I am trying to make a CNN model to predict the correct label for each input observation. The following is my quick description of the data(train, with labels).

enter image description here

Note that labels have the coding scheme of describing the angle of the stick from the horizon as a real number between $0 \sim 179$ in degrees.

Since angles $\pm 180 n$ for $n=1,2,\cdots$ have exactly the same meanings, the range $0 \sim 179$ was taken in order to make one-to-one correspondence to the picture and angle. For example, the first observation above could have been labeled as $-90, 90, 270, \cdots$ but in order to evade redundancy the range $0 \sim 179$ was taken.


Try 1

I have made a vanilla CNN model using Keras, with the loss : mean_squared_error.

But I think this loss is very inappropriate, since it gives preference to angle $90$, whereas it gives disadvantages to angles $1$ or $179$. To support my argument, let me show you an example:

  • For angle $90$, the model's try of $88$ or $92$ are both "close tries".

  • For angle $179$, the model's try of $177$ are considered close, whereas $181$ is considered absurd. Therefore,

So I think this scheme should be evaded.


Try 2

I have defined the following sine loss

$$ l(y_{true},y_{pred}) = \sin\left((y_{true}-y_{pred}) \times \frac{\pi}{180}\right) $$

or in Python code using Keras, I have defined the following custom loss:

def sine_loss(y_true, y_pred):
    res = K.sin((y_true-y_pred)*np.pi/180.) 
    return(K.sum(res*res) )

I have trained the model using the above loss, and cross-validated using 180 angle samples. The result is as follows, where x axis is the ground-truth angle, and y axis is the predicted angle.

enter image description here

It was kind of frustrating to see that the range of predicted values, and I have tried to convert them into $0\sim 179$ space, using the above angle$\pm 180 n$ scheme, but there was a massive white noise.

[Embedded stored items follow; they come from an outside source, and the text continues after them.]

(* [Meven] and [Modd] carry Y_{Q,2} = {y in Z^{r+1} | y_0 and y_1 + ... + y_r
   even} onto the character lattice of the target group; [Neven] and [Nodd]
   are their contragredients. *)
Definition Meven r : 'M[rat]_r.+1 := 1%:M - 2%:R^-1 *: ((e0 r)^T *m ones r).
Definition Neven r : 'M[rat]_r.+1 := 1%:M + (ones r)^T *m e0 r.
Definition Modd r : 'M[rat]_r.+1 := 1%:M - 2%:R^-1 *: ((e0 r)^T *m ones r)
  + (r.+1%:R / 4%:R) *: ((e0 r)^T *m e0 r) - 2%:R^-1 *: ((ones r)^T *m e0 r).
Definition Nodd r : 'M[rat]_r.+1 :=
  1%:M + (e0 r)^T *m ones r + (ones r)^T *m (ones r + e0 r).

Section Matrices.
Variable r : nat.
Implicit Types (x y : vec r.+1) (i : 'I_r).

Lemma dot_ones y : dot y (ones r) = y 0 ord0 + tailsum y.
Proof.
rewrite dot_split /tailsum mxE mulr1; congr (_ + _).
by apply: eq_bigr => i _; rewrite mxE mulr1.
Qed.

Lemma dot_ones_ones : dot (ones r) (ones r) = r.+1%:R.
Proof.
by rewrite /dot; under eq_bigr do rewrite mxE mulr1; rewrite sumr_const card_ord.
Qed.

Lemma MevenE y : y *m Meven r = y - (y 0 ord0 / 2%:R) *: ones r.
Proof. by rewrite mulmxBr mulmx1 -scalemxAr mulmx_tr_row dot_e0 scalerA mulrC. Qed.

Lemma NevenE x : x *m Neven r = x + dot x (ones r) *: e0 r.
Proof. by rewrite mulmxDr mulmx1 mulmx_tr_row. Qed.

Lemma NevenTE x : x *m (Neven r)^T = x + x 0 ord0 *: ones r.
Proof. by rewrite linearD /= trmx1 trmx_mul trmxK mulmxDr mulmx1 mulmx_tr_row dot_e0. Qed.

Lemma ModdE y : y *m Modd r = y - (y 0 ord0 / 2%:R) *: ones r
  + (y 0 ord0 * r.+1%:R / 4%:R) *: e0 r - (dot y (ones r) / 2%:R) *: e0 r.
Proof.
rewrite /Modd !mulmxDr !mulmxN mulmx1 -!scalemxAr !mulmx_tr_row !dot_e0 !scalerA.
by congr (_ - _ + _ - _); congr (_ *: _); rewrite mulrC // mulrA.
Qed.

Lemma NoddE x : x *m Nodd r = x + x 0 ord0 *: ones r + dot x (ones r) *: (ones r + e0 r).
Proof. by rewrite !mulmxDr mulmx1 !mulmx_tr_row dot_e0 scalerDr addrA. Qed.

Lemma NoddTE x :
  x *m (Nodd r)^T = x + dot x (ones r) *: e0 r + dot x (ones r + e0 r) *: ones r.
Proof.
rewrite /Nodd !linearD /= trmx1 !trmx_mul !trmxK ?mulmx1 !mulmx_tr_row.
by rewrite dotDr scalerDl !addrA.
Qed.

Lemma Meven_Neven : Meven r *m (Neven r)^T = 1%:M.
Proof.
apply: mx1_of_row_id => y; rewrite mulmxA MevenE NevenTE.
by apply/rowP => k; rewrite !mxE; field.
Qed.

Lemma Modd_Nodd : Modd r *m (Nodd r)^T = 1%:M.
Proof.
apply: mx1_of_row_id => y; rewrite mulmxA ModdE NoddTE.
rewrite !(dotDl, dotDr, dotNl, dotZl) dot_ones_ones !dot_e0 [dot (e0 r) _]dotC dot_e0.
by apply/rowP => k; rewrite !mxE /=; field.
Qed.

Local Ltac row_ring := apply/rowP => k; rewrite !mxE /=; ring.

Lemma ei_Meven i : ei i *m Meven r = ei i - 2%:R^-1 *: 0.
Proof. by rewrite MevenE eiE (negbTE (neq_lift _ _)); row_ring. Qed.

Lemma ei_Neven i : ei i *m Neven r = ei i + e0 r.
Proof. by rewrite NevenE dot_ones tailsum_ei eiE (negbTE (neq_lift _ _)); row_ring. Qed.

Lemma e0_Neven : e0 r *m Neven r = 2%:R *: e0 r.
Proof. by rewrite NevenE dot_ones tailsum_e0 e0E eqxx; row_ring. Qed.

Lemma ei_Modd i : ei i *m Modd r = ei i - 2%:R^-1 *: e0 r.
Proof. by rewrite ModdE dot_ones tailsum_ei eiE (negbTE (neq_lift _ _)); row_ring. Qed.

What loss should I proceed in this situation?

moreblue
  • 1,523
  • 3
    people typically parameterize the target as $\sin(\theta), \cos(\theta)$. – shimao Jul 12 '19 at 04:10
  • Hi @moreblue, I am currently to perform pretty much the same task but on experimental data (charge stability diagrams of quantum dots). My model works fine on binary image (0, 1) generated by hand, but struggles learning anything with experimental data (it returns a value that minimize the loss, but it's the same for all images). What network architecture did you use in your problem? Funnily enough I also calculated the angles like you did ;) – Chris Ze Third Jun 15 '23 at 12:32

2 Answers2

0

This can probably be done in a hand crafted way. No reason to use CNNs. If you do then why don't you pass your second last fully connected layer in to decision tree.

Otherwise the problem you are facing is that linear functions are not bounded. So use sigmoid activation on fully connected layers till the last one. If you are facing issue around 180 degrees, i would oversample such cases in the train set so network learns this very strongly

0

On a simple regression task with lines on binary image, the MSE is enough to obtain very accurate results:

enter image description here

But adding noises, by generating the patches with a normal distribution for the background, I found that the SmoothL1Loss was a much better choice. I used Pytorch for that but you might have the same for Keras. It's not as precised as binary images but it works fine for the moment, it's a matter of tweating hyper-parameters and network size.

enter image description here

The angles are sometimes not exact because of the anti alias used to generate the lines.

enter image description here